Stone Cold Steve Austin in his true Ultimate Action Movie debut!
I’m going to preface this article by saying that I’m not the most die hard of wrestling fans. I did watch the WWF from a period between the ages of 9 and 13. And I can say growing up in Texas that my favorite wrestler at the time was definitely Stone Cold Steve Austin. “Jourdan316” was my first handle on AOL instant messenger, lol.
Stone Cold wasn’t just my favorite though, at school, he was everyone’s favorite. The Rock was getting big. The Undertaker was pretty badass. Mankind was funny and awesome in his own way. But for every kid at Lake Highlands Junior High, Stone Cold absolutely ruled supreme.

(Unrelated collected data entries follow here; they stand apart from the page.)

(* Let $K,G:[0,\infty)\to\mathbb{R}$ be continuous, let $f$ solve $f''+Kf=0$ with $f>0$ on $(0,\infty)$ and $\int_1^\infty f(t)^{-2}dt<\infty$, and let $m$ solve $m''+Gm=0$ with $m(0)=f(0)$, $m'(0)=f'(0)$. Suppose the support of $G-K$ is contained in a bounded interval $[a,b]\subset[1,\infty)$. Set $$C(f,a,b):=\Big(\int_a^\infty f(t)^{-2}dt\Big)\cdot\|f^2|_{[a,b]}\|_2>0.$$ If $C(f,a,b)\,\|G-K\|_2<1$, then $$\alpha(m)\le\frac{C(f,a,b)\,\|G-K\|_2}{1-C(f,a,b)\,\|G-K\|_2}.$$
   Context: Notation: $\|G-K\|_2:=\sqrt{\int_0^\infty|G-K|^2dt}$; $\|f^2|_{[a,b]}\|_2:=\sqrt{\int_a^b f(t)^4dt}$; $\sigma(t):=m(t)/f(t)-1$ for $t>0$; $\alpha(m):=\sup_{t>0}|\sigma(t)|$. *)

From Stdlib Require Import Reals Lra.
Open Scope R_scope.

Definition continuous_on_nonneg (K : R -> R) : Prop :=
  forall t, 0 <= t -> forall eps, 0 < eps -> exists delta, 0 < delta /\
    forall s, 0 <= s -> Rabs (s - t) < delta -> Rabs (K s - K t) < eps.

Definition deriv_on_nonneg (f df : R -> R) : Prop :=
  forall t, 0 <= t -> forall eps, 0 < eps -> exists delta, 0 < delta /\
    forall h, h <> 0 -> 0 <= t + h -> Rabs h < delta ->
      Rabs ((f (t + h) - f t) / h - df t) < eps.

Definition solves_ode (K f df : R -> R) : Prop :=
  deriv_on_nonneg f df /\ deriv_on_nonneg df (fun t => - K t * f t).

Definition is_integral (g : R -> R) (a b I : R) : Prop :=
  exists pr : Riemann_integrable g a b, RiemannInt pr = I.

Definition improper_int (g : R -> R) (a L : R) : Prop :=
  (forall x, a <= x -> inhabited (Riemann_integrable g a x)) /\
  forall eps, 0 < eps -> exists N, forall x (pr : Riemann_integrable g a x),
    a <= x -> N <= x -> Rabs (RiemannInt pr - L) < eps.

Definition sigma_mf (m f : R -> R) (t : R) : R := m t / f t - 1.

(* Before a the two equations coincide, so m = f on [0, a] by uniqueness (an
   energy estimate).  Beyond a, sigma' = W / f^2 where the Wronskian
   W = f m' - f' m vanishes at a and W' = (K - G) f m = (K - G) f^2 (1 + sigma).
   If M is the maximum of |sigma| on [a, T], integrating twice gives
   M <= (1 + M) (int_a^b |G - K| f^2) (int_a^oo f^-2), Cauchy-Schwarz bounds the
   first integral by ||G - K||_2 ||f^2|_[a,b]||_2, and M <= X (1 + M) with X < 1
   solves to M <= X / (1 - X). *)

From Stdlib Require Import Reals Lra Psatz.
Open Scope R_scope.

Lemma Rabs_le_inv z B : Rabs z <= B -> - B <= z <= B.
Proof.
  intros H; pose proof (Rle_abs z); pose proof (Rle_abs (- z)).
  rewrite Rabs_Ropp in *; lra.
Qed.

Lemma deriv_nonneg_le (h dh : R -> R) c d : c <= d ->
  (forall x, c < x < d -> derivable_pt_lim h x (dh x)) ->
  (forall x, c <= x <= d -> continuity_pt h x) ->
  (forall x, c < x < d -> 0 <= dh x) -> h c <= h d.
Proof.
  intros Hcd Hd Hc Hpos.
  destruct (Rle_lt_or_eq_dec c d Hcd) as [Hlt|<-]; [|lra].
  pose (pr := fun x (P : c < x < d) =>
    exist (fun l => derivable_pt_lim h x l) (dh x) (Hd x P)).
  destruct (MVT h id c d pr (fun x _ => derivable_pt_id x) Hlt Hc) as [x [P E]].
  - intros; apply derivable_continuous_pt, derivable_pt_id.
  - rewrite derive_pt_id in E; unfold id in E; simpl in E.
    specialize (Hpos x P); nra.
Qed.

Lemma abs_sub_le_of_deriv_bound (h dh g dg : R -> R) c d : c <= d ->
  (forall x, c < x < d -> derivable_pt_lim h x (dh x)) ->
  (forall x, c < x < d -> derivable_pt_lim g x (dg x)) ->
  (forall x, c <= x <= d -> continuity_pt h x) ->
  (forall x, c <= x <= d -> continuity_pt g x) ->
  (forall x, c < x < d -> Rabs (dh x) <= dg x) ->
  Rabs (h d - h c) <= g d - g c.
Proof.
  intros Hcd Dh Dg Ch Cg Hb.
  assert (Hlo : g c - h c <= g d - h d).
  { apply (deriv_nonneg_le (fun x => g x - h x) (fun x => dg x - dh x)); auto.
    - intros; apply derivable_pt_lim_minus; auto.
    - intros; apply continuity_pt_minus; auto.
    - intros x Hx; specialize (Hb x Hx); apply Rabs_le_inv in Hb; lra. }
  assert (Hhi : g c + h c <= g d + h d).
  { apply (deriv_nonneg_le (fun x => g x + h x) (fun x => dg x + dh x)); auto.
    - intros; apply derivable_pt_lim_plus; auto.
    - intros; apply continuity_pt_plus; auto.
    - intros x Hx; specialize (Hb x Hx); apply Rabs_le_inv in Hb; lra. }
  apply Rabs_le; lra.
Qed.

Lemma continuity_pt_of_derivable_pt_lim (h : R -> R) x l :
  derivable_pt_lim h x l -> continuity_pt h x.
Proof. intros H; apply derivable_continuous_pt; exists l; exact H. Qed.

However, as I can recall and for whatever reasons, wrestling faded out of popularity quickly for most of us around the time we all started high school. Which was unfortunate, because this was about the time that Stone Cold started making his transition into the world of ultimate action motion pictures.
And while a role in The Longest Yard (2005) and his starring debut in The Condemned (2007) were his first big screen appearances, I would have to consider Damage (2009) Stone Cold’s true introduction to the halls of Ultimate Action Movies – and, truth be told, it may even be one of the best wrestler-starred action movies of all time.
Stone Cold Brings the Ultimate Damage (2009)
Before we get deeper into the film though, and without me embarrassing myself by trying to talk about the man’s legendary wrestling career. I do want to talk about this period in which Stone Cold was attempting to enter the world of ultimate action.
To some, becoming an action movie star might seem easy. If professional fighters or bodybuilders like Arnold Schwarzenegger, Chuck Norris and Jean-Claude Van Damme could do it, it must be pretty damn simple, right?
And while the nuances between those actors and their performances are quite extreme if you really look at them, it’s actually more about the eras than anything else. The 80s and 90s were a different time and people wanted their action stars to be a bit simpler in terms of their acting performances.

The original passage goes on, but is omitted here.